Zwangsgeld angedroht

Damit gelten mehrere Eilanträge von Facebook gegen Weicherts Verordnungen von Dezember 2012 weiter. Netzwerkverwalter dürfen Nutzerkonten sperren, wenn sie zu dem Schluss kommen, dass ein Name kein Klarname ist. Offensichtliche Fantasienamen sortieren sie aus. Zudem befragt Facebook Nutzer, die mit dem Neuling befreundet sind, ob diejenige Person tatsächlich wie angegeben heißt.

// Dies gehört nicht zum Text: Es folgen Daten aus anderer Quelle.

Definition is_lie_bracket (k : fieldType) (L : lmodType k) (br : L -> L -> L)
  : Prop :=
  [/\ is_bilinear br, (forall x, br x x = 0) &
      (forall x y z, br x (br y z) + br y (br z x) + br z (br x y) = 0)].

Definition is_postLie (k : fieldType) (L : lmodType k) (circ br : L -> L -> L)
  : Prop :=
  [/\ is_lie_bracket br, is_bilinear circ,
      (forall x y z, circ (circ x y) z - circ x (circ y z)
                      - circ (circ x z) y + circ x (circ z y) = circ x (br y z)) &
      (forall x y z, circ (br x y) z = br (circ x z) y + br x (circ y z))].

Definition is_postLie_hom (k : fieldType) (L P : lmodType k)
  (circL brL : L -> L -> L) (circP brP : P -> P -> P) (g : L -> P) : Prop :=
  [/\ is_klinear g, (forall x y, g (circL x y) = circP (g x) (g y)) &
      (forall x y, g (brL x y) = brP (g x) (g y))].

Definition is_free_postLie (k : fieldType) (V L : lmodType k)
  (circ br : L -> L -> L) (j : V -> L) : Prop :=
  [/\ is_postLie circ br, is_klinear j &
      forall (P : lmodType k) (circP brP : P -> P -> P), is_postLie circP brP ->
      forall f : V -> P, is_klinear f ->
      exists g : L -> P,
        (is_postLie_hom circ br circP brP g /\ forall v, g (j v) = f v) /\
        (forall g' : L -> P, is_postLie_hom circ br circP brP g' ->
           (forall v, g' (j v) = f v) -> forall x, g' x = g x)].

(* The sub-k-module Mag(V) of L: the smallest subspace containing j(V) and
   closed under circ, i.e. the magmatic subalgebra generated by V. *)
Definition in_mag (k : fieldType) (V L : lmodType k) (circ : L -> L -> L)
  (j : V -> L) (x : L) : Prop :=
  forall S : L -> Prop, (forall v, S (j v)) -> S 0 ->
    (forall (a : k) y z, S y -> S z -> S (a *: y + z)) ->
    (forall y z, S y -> S z -> S (circ y z)) -> S x.

Definition curly (k : fieldType) (L : lmodType k) (circ br : L -> L -> L)
  (x y : L) : L := circ x y - circ y x + br x y.

Definition is_alg_hom (k : fieldType) (A B : algType k) (h : A -> B) : Prop :=
  [/\ is_klinear h, h 1 = 1 & forall a b, h (a * b) = h a * h b].

Definition is_lie_to_alg (k : fieldType) (g : lmodType k) (brg : g -> g -> g)
  (A : algType k) (phi : g -> A) : Prop :=
  is_klinear phi /\ forall x y, phi (brg x y) = phi x * phi y - phi y * phi x.

Definition is_UEA (k : fieldType) (g : lmodType k) (brg : g -> g -> g)
  (A : algType k) (phi : g -> A) : Prop :=
  is_lie_to_alg brg phi /\
  forall (B : algType k) (psi : g -> B), is_lie_to_alg brg psi ->
    exists h : A -> B, (is_alg_hom h /\ forall x, h (phi x) = psi x) /\
      (forall h' : A -> B, is_alg_hom h' -> (forall x, h' (phi x) = psi x) ->
         forall a, h' a = h a).

Definition is_right_mod (k : fieldType) (A : algType k) (N : lmodType k)
  (act : N -> A -> N) : Prop :=
  [/\ is_bilinear act, (forall n, act n 1 = n) &
      forall n a b, act (act n a) b = act n (a * b)].

(* The subspace M (a predicate on L), stable under the right A-action star,
   together with the generating map j : V -> M, is the free right A-module
   generated by V (i.e. M ~ V (x) A via v (x) a |-> j v * a). *)
Definition is_free_right_mod_on (k : fieldType) (A : algType k) (V L : lmodType k)
  (M : L -> Prop) (star : L -> A -> L) (j : V -> L) : Prop :=
  forall (N : lmodType k) (act : N -> A -> N), is_right_mod act ->
  forall f : V -> N, is_klinear f ->
  exists g : L -> N,
    ((forall (c : k) x y, M x -> M y -> g (c *: x + y) = c *: g x + g y) /\
     (forall x a, M x -> g (star x a) = act (g x) a) /\
     (forall v, g (j v) = f v)) /\
    (forall g' : L -> N,
       (forall (c : k) x y, M x -> M y -> g' (c *: x + y) = c *: g' x + g' y) ->
       (forall x a, M x -> g' (star x a) = act (g' x) a) ->
       (forall v, g' (j v) = f v) ->
       forall x, M x -> g' x = g x).

(* Read as a right action of y on x, the composition x o y is a right
   representation of the Lie algebra L_{,}: the first PostLie axiom says exactly
   x o {y,z} = (x o y) o z - (x o z) o y.  It therefore extends to a right
   U(L_{,})-module structure on L with x * phi(y) = x o y.

   Mag(V) is stable under (_ o z) for every z.  This is clear for z in Mag(V), and
   the first axiom transfers it to [y,z] once it is known for y, z, y o z and z o y;
   the second axiom shows that (_ o z) does not increase bracket depth, so
   induction on that depth covers the Lie algebra generated by Mag(V), which is all
   of L by freeness.  As U is generated by phi(L), Mag(V) is a U-submodule.

   For a right U-module N and a linear f : V -> N, the product L x N with
   (x,n) o (y,m) = (x o y, n * phi(y)) and [(x,n),(y,m)] = ([x,y],0) is again
   PostLie, so freeness gives a PostLie map L -> L x N over (j, f).  Its first
   component is the identity and its second one is the required U-linear map, which
   is unique on Mag(V) because Mag(V) is generated from j(V) by o. *)

From HB Require Import structures.
From mathcomp Require Import all_boot all_algebra.
From mathcomp Require Import boolp functions.
Set Implicit Arguments. Unset Strict Implicit. Unset Printing Implicit Defensive.
Import GRing.Theory.
Local Open Scope ring_scope.

Section KLinear.
Variables (k : fieldType) (X Y : lmodType k) (f : X -> Y).
Hypothesis f_lin : is_klinear f.

Lemma klinear0 : f 0 = 0.
Proof.
have := f_lin 1 0 0; rewrite scaler0 scale1r addr0 -[LHS]addr0.
by move/addrI.
Qed.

Weichert hatte Facebook aufgefordert, gemäß dem deutschen Telemediengesetz und dem Bundesdatenschutzgesetz den Nutzern auch eine Registrierung mit Pseudonym zu erlauben. Er drohte mit einem Zwangsgeld in Höhe von jeweils 20.000 Euro gegen den US-Konzern und seine europäische Niederlassung. Der Datenschützer ist als scharfer Kritiker von Facebook bekannt und geht unter anderem gegen die "Gefällt mir"-Schaltfläche des Online-Netzwerks vor – bisher mit wenig Erfolg.

Der Beschluss des Oberverwaltungsgerichts ist unanfechtbar, das Eilverfahren damit beendet. Das Landeszentrum für Datenschutz  kann die Angelegenheit in einem Hauptverfahren aber neu aufrollen lassen. Darüber sei noch nicht entschieden, sagte der zuständige Referatsleiter Sven Polenz. Das ULD wolle erst kritisch die Begründung des Gerichts analysieren.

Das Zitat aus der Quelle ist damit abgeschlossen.